The Biobased and Renewable Products Advocacy Group (BRAG) helps members develop and bring to market their innovative biobased and renewable chemical products through insightful policy and regulatory advocacy. BRAG is managed by B&C® Consortia Management, L.L.C., an affiliate of Bergeson & Campbell, P.C.

The Organization for Economic Cooperation and Development (OECD) recently released its document "OECD Guidance for Characterising Oleochemical Substances for Assessment Purposes," which is available online. The document seeks to present a "harmonised approach" for characterizing UVCB (substances of unknown or variable composition, complex reaction products or biological materials) oleochemical substances that are derivatives from animal and vegetable oils and fats.

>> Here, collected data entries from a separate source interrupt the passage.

Lemma roundtrip_graev (phi : FG -> FM) (psi : FM -> FG) :
  cont_hom psi -> (forall x, phi (sG x) = fwd_gen x) ->
  (forall x, psi (sM (q x)) = bwd_gen x) -> forall x, psi (phi (sG x)) = sG x.
Proof.
  intros [hpsi _] Hphi Hpsi x; rewrite Hphi; unfold fwd_gen.
  destruct (classic (A1 x)) as [Ax | Ax].
  - rewrite twist_in, hpsi, hom_inv, !Hpsi by assumption; unfold bwd_gen.
    rewrite !twist_in, (proj1 (proj2 hFG)), tg_mul1 by assumption.
    apply mulK_inv.
  - rewrite twist_out, Hpsi by assumption; unfold bwd_gen.
    rewrite twist_out by assumption; reflexivity.
Qed.

Lemma roundtrip_markov (phi : FG -> FM) (psi : FM -> FG) :
  cont_hom phi -> (forall x, phi (sG x) = fwd_gen x) ->
  (forall x, psi (sM (q x)) = bwd_gen x) -> forall w, phi (psi (sM w)) = sM w.
Proof.
  intros [hphi _] Hphi Hpsi w.
  destruct (proj1 hW w) as [x <-]; rewrite Hpsi; unfold bwd_gen.
  destruct (classic (A1 x)) as [Ax | Ax].
  - rewrite twist_in, hphi, !Hphi by assumption; unfold fwd_gen.
    rewrite twist_in, (twist_out _ _ not_A1_e2), q_e2 by assumption.
    apply mul_invK.
  - rewrite twist_out, Hphi by assumption; unfold fwd_gen.
    rewrite twist_out by assumption; reflexivity.
Qed.
End Wedge.

Theorem lemma2 (X : Type) (tX : topology X) (A1 A2 : X -> Prop)
  (hA1 : open tX A1) (hA2 : open tX A2)
  (hcover : forall x, A1 x \/ A2 x) (hdisj : forall x, A1 x -> A2 x -> False)
  (e1 e2 : X) (he1 : A1 e1) (he2 : A2 e2)
  (W : Type) (tW : topology W) (q : X -> W)
  (hW : is_quotient_identifying tX e1 e2 tW q)
  (FG : TopGroup) (sG : X -> FG) (hFG : is_free_graev tX e1 sG)
  (FM : TopGroup) (sM : W -> FM) (hFM : is_free_markov tW sM) :
  top_group_iso FG FM.
Proof.
  destruct (graev_to_markov hA1 hA2 hcover hdisj he1 hW hFG hFM)
    as [phi [hphi Hphi]].
  destruct (markov_to_graev hA1 hA2 hcover hdisj he1 he2 hW hFG hFM)
    as [psi [hpsi Hpsi]].
  apply (iso_of_inverse_on_generators hFG hFM hphi hpsi).
  - exact (roundtrip_graev he1 hFG hpsi Hphi Hpsi).
  - exact (roundtrip_markov hdisj he2 hW hphi Hphi Hpsi).
Qed.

In June 2012, the OECD Task Force on Hazard Assessment endorsed a pilot project to develop guidance on identifying UVCB using oleochemicals/oleoproducts as the pilot chemicals. The development of this guidance was, in part, in response to questions and concerns related to UVCB nomenclature that had been raised by the European Chemicals Agency (ECHA) in response to some UVCB chemical registrations under the Registration, Evaluation, Authorization and Restriction of Chemicals (REACH) regulation.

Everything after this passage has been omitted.